I've been thinking about replacing it with a flying saucer, the one she has now is a silent spinner that pretty much came with the cage (a friend of mine had a spare cage and wheel from when she had to separate her chinchillas).

The thing that boggles my mind is the fact that she did run on it before... Maybe the vinegar thing was a coincidence, but it seems odd that she would give up running on it all together so suddenly.

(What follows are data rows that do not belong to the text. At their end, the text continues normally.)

Theorem proposition27 (R : realType) (n m : nat)
    (prefA : 'I_n -> rel (option 'I_m)) (prefO : 'I_m -> rel (option 'I_n))
    (p : 'I_n -> 'I_m -> R) :
  (0 < n)%N -> (0 < m)%N ->
  general_instance prefA prefO ->
  gen_random_matching p ->
  robust_gen prefA prefO p <->
  robust_ws (prefA' prefA prefO) (prefO' prefA prefO) (assoc_matching p)
  /\ non_wasteful prefA prefO p.
Proof.
move=> _ _ gi hp; split=> [rob | [rob nw]].
  by split; [exact: robust_ws_assoc | case: rob].
exact: robust_gen_of_assoc.
Qed.
Lemma continuity_pt_Rmax_l c t : continuity_pt (fun s => Rmax s c) t.
Proof.
  intros eps He. exists eps. split; [exact He|].
  intros y [_ Hy]. simpl in *. unfold R_dist in *.
  eapply Rle_lt_trans; [|exact Hy].
  unfold Rmax. repeat destruct Rle_dec; unfold Rabs; repeat destruct Rcase_abs; lra.
Qed.

Lemma left_lim_continuity_pt f t : continuity_pt f t -> left_lim f t (f t).
Proof.
  intros Hc eps He. destruct (Hc eps He) as [d [Hd Hfd]]. exists d. split; [exact Hd|].
  intros s Hs. apply (Hfd s). split.
  - split; [exact I | lra].
  - simpl. unfold R_dist. rewrite Rabs_left; lra.
Qed.

Lemma left_lim_minus f g t a b :
  left_lim f t a -> left_lim g t b -> left_lim (fun s => f s - g s) t (a - b).
Proof.
  intros Hf Hg eps He.
  destruct (Hf (eps / 2)) as [d1 [Hd1 Hf1]]; [lra|].
  destruct (Hg (eps / 2)) as [d2 [Hd2 Hg2]]; [lra|].
  exists (Rmin d1 d2). split; [apply Rmin_pos; lra|]. intros s Hs.
  pose proof (Rmin_l d1 d2). pose proof (Rmin_r d1 d2).
  specialize (Hf1 s ltac:(lra)). specialize (Hg2 s ltac:(lra)).
  apply Rabs_def2 in Hf1. apply Rabs_def2 in Hg2. apply Rabs_def1; lra.
Qed.

Lemma left_lim_le f g t a b d : 0 < d ->
  (forall s, t - d < s < t -> f s <= g s) ->
  left_lim f t a -> left_lim g t b -> a <= b.
Proof.
  intros Hd Hfg Hf Hg. apply Rnot_lt_le. intros Hba.
  destruct (Hf ((a - b) / 2)) as [d1 [Hd1 Hf1]]; [lra|].
  destruct (Hg ((a - b) / 2)) as [d2 [Hd2 Hg2]]; [lra|].
  set (s := t - Rmin d (Rmin d1 d2) / 2).
  assert (0 < Rmin d (Rmin d1 d2)) by (repeat apply Rmin_pos; lra).
  pose proof (Rmin_l d (Rmin d1 d2)). pose proof (Rmin_r d (Rmin d1 d2)).
  pose proof (Rmin_l d1 d2). pose proof (Rmin_r d1 d2).
  specialize (Hfg s ltac:(unfold s; lra)).
  specialize (Hf1 s ltac:(unfold s; lra)). specialize (Hg2 s ltac:(unfold s; lra)).
  apply Rabs_def2 in Hf1. apply Rabs_def2 in Hg2. lra.
Qed.
(* Assume (A3) and (A4), and let $\rho\in[0,\epsilon]$. Then for all $x\in R\mathbb{B}$, $$\mathrm{dist}(x,\mathcal{X}_\rho)\le\frac{1}{\sigma}[g(x)+\rho]_+ .$$
   Context: Let $g:\mathbb{R}^d\to\mathbb{R}$ be convex with subdifferential $\partial g(x)$. Let $R>0$ and $\mathbb{B}=\{x\in\mathbb{R}^d:\|x\|\le1\}$, with $\|\cdot\|$ the Euclidean norm. Set $\mathcal{X}=\{x:g(x)\le0\}$ and assume $\mathcal{X}\subseteq R\mathbb{B}$. For $\rho\ge0$ set $\mathcal{X}_\rho=\{x:g(x)\le-\rho\}$. Write $\mathrm{dist}(z,\mathcal{Y})=\min_{y\in\mathcal{Y}}\|z-y\|$ and $[a]_+=\max(a,0)$. Assumptions: (A3) there is $G_g>0$ with $\|s\|\le G_g$ for all $s\in\partial g(x)$ and all $x\in R\mathbb{B}$; (A4) there are $\sigma,\epsilon>0$ such that $\{x:g(x)=-\epsilon\}$ is nonempty and $\|s\|\ge\sigma$ for all $s\in\partial g(x)$ whenever $g(x)=-\epsilon$. *)

From HB Require Import structures.
From mathcomp Require Import all_boot all_order all_algebra.
From mathcomp Require Import all_classical all_reals.
Set Implicit Arguments. Unset Strict Implicit. Unset Printing Implicit Defensive.
Import Order.TTheory GRing.Theory Num.Theory.
Local Open Scope ring_scope.
Local Open Scope classical_set_scope.

Section Defs.
Variables (R : realType) (d : nat).

Definition dotp (u v : 'rV[R]_d) : R := \sum_(i < d) u ord0 i * v ord0 i.
Definition enorm (u : 'rV[R]_d) : R := Num.sqrt (dotp u u).

Definition convex_fun (g : 'rV[R]_d -> R) : Prop :=
  forall (x y : 'rV[R]_d) (t : R), 0 <= t -> t <= 1 ->
    g (t *: x + (1 - t) *: y) <= t * g x + (1 - t) * g y.

Definition subgrad (g : 'rV[R]_d -> R) (x s : 'rV[R]_d) : Prop :=
  forall y : 'rV[R]_d, g x + dotp s (y - x) <= g y.
(* Assume the bounded-cost assumption and $J\ge2$. Suppose that for every $t\in[T]$ there is $\hat Z_t\in\mathcal Z$ with $\hat Z^j_t=\hat Z_t$ for all $j\in[J]$, and let $\underline L_T=\sum_{t=1}^T\mathbf 1\{\hat Z_t\ne Z_t\}$. If all agents use POMWU with learning rate $\eta^\star=\Theta\big(J^{-1/2}T^{-1/4}[\ln K(\underline L_T+m)]^{1/4}\big)$, then for every $j\in[J]$, $$\mathrm{Reg}^j_T=O\big([\ln K(\underline L_T+m)]^{3/4}T^{1/4}J^{1/2}\big).$$
   Context: Setting. There are $J$ agents indexed by $j\in[J]$. Agent $j$ has a finite action set $\mathcal A^j=\{a^j_1,\dots,a^j_K\}$ with $K$ elements; $\mathcal A=\prod_i\mathcal A^i$, $\mathcal A^{-j}=\prod_{i\ne j}\mathcal A^i$. $\Delta_K$ is the probability simplex in $\mathbb R^K$, $w\in\Delta_K$ identified with a distribution on $\mathcal A^j$. The context set $\mathcal Z=\{z_1,\dots,z_m\}\subset\mathbb R^d$ is finite with $m$ elements. Agent $j$ has $\phi^j:\mathcal A\to\mathbb R^d$ and cost $c^j(\mathbf w,Z)=\mathbb E_{\mathbf a\sim\mathbf w}[\langle\phi^j(\mathbf a),Z\rangle]$; $c^j(w,\mathbf w^{-j},Z)=c^j(w\otimes\mathbf w^{-j},Z)$. $\Phi^j(\mathbf w^{-j})\in\mathbb R^{d\times K}$ has entries $\Phi^j(\mathbf w^{-j})_{\ell,k}=\mathbb E_{\mathbf a^{-j}\sim\mathbf w^{-j}}[\phi^j(a^j_k,\mathbf a^{-j})[\ell]]$. Bounded-cost assumption: $|\langle Z,\phi^j(\mathbf a)\rangle|\le1$ for all $j,\mathbf a,Z$. Game protocol: $T$ rounds, fixed sequence $Z_1,\dots,Z_T\in\mathcal Z$; at round $t$ each agent $j$ receives a prediction $\hat Z^j_t\in\mathcal Z$, plays $w^j_t\in\Delta_K$, incurs $c^j(w^j_t,\mathbf w^{-j}_t,Z_t)$ with $\mathbf w^{-j}_t=\bigotimes_{i\ne j}w^i_t$, and observes $Z_t$ and $\Phi^j(\mathbf w^{-j}_t)$. Contextual external regret: $\mathrm{Reg}^j_T=\sum_{t=1}^Tc^j(w^j_t,\mathbf w^{-j}_t,Z_t)-\min_{\pi:\mathcal Z\to\Delta_K}\sum_{t=1}^Tc^j(\pi(Z_t),\mathbf w^{-j}_t,Z_t)$. POMWU with learning rate $\eta>0$ (for agent $j$): maintain for each $z\in\mathcal Z$ a vector $\rho_z\in\mathbb R^K_{>0}$, initialized to $(1/K,\dots,1/K)$, and a matrix $\Psi_z\in\mathbb R^{d\times K}$, initialized to $0$. At round $t$, with $\hat Z=\hat Z^j_t$, play $w^j_t[\ell]=\rho_{\hat Z}[\ell]\exp(-\eta(\Psi_{\hat Z}^\top\hat Z)[\ell])/\sum_{k=1}^K\rho_{\hat Z}[k]\exp(-\eta(\Psi_{\hat Z}^\top\hat Z)[k])$. After observing $Z_t$ and $\Phi_t=\Phi^j(\mathbf w^{-j}_t)$, set $\Psi_{Z_t}\leftarrow\Phi_t$ and $\rho_{Z_t}[\ell]\leftarrow\rho_{Z_t}[\ell]\exp(-\eta(\Phi_t^\top Z_t)[\ell])$ for all $\ell$. $O,\Theta$ hide absolute constants. *)

From mathcomp Require Import all_boot all_order all_algebra.
From mathcomp Require Import reals sequences exp.
Set Implicit Arguments. Unset Strict Implicit. Unset Printing Implicit Defensive.
Import Order.TTheory GRing.Theory Num.Theory.
Local Open Scope ring_scope.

It's weird because she really does poop in it, without fail, every night... but clearly doesn't run anywhere.

I would be worried that maybe it's that whole potential-pregnancy thing, but she doesn't seem any more temperamental than usual - in fact, she's even less so. (She's warming up to me more by the day.  ) She'll spend hours sleeping in my lap and doesn't even really mind when I have to move her or take her downstairs with me (she sleeps in a snuggle sack on my lap, so if I need to run downstairs or something, I just connect the straps and bring her with me.)

It does seem like she's gained a little weight, but that may be just because of the change in diet (from pretty pet hedgehog food to a blend of wellness and csftcls)...

It worries me a little because she doesn't seem to be very active w/o her wheel really... She sleeps, comes out to eat, goes in to sleep more, comes out to eat again, sleeps more, etc... When I get her out, she'll do her business & explore a little bit (a very little bit) and then as soon as she sees her snuggle sack, in she goes and more sleeping ensues.


----------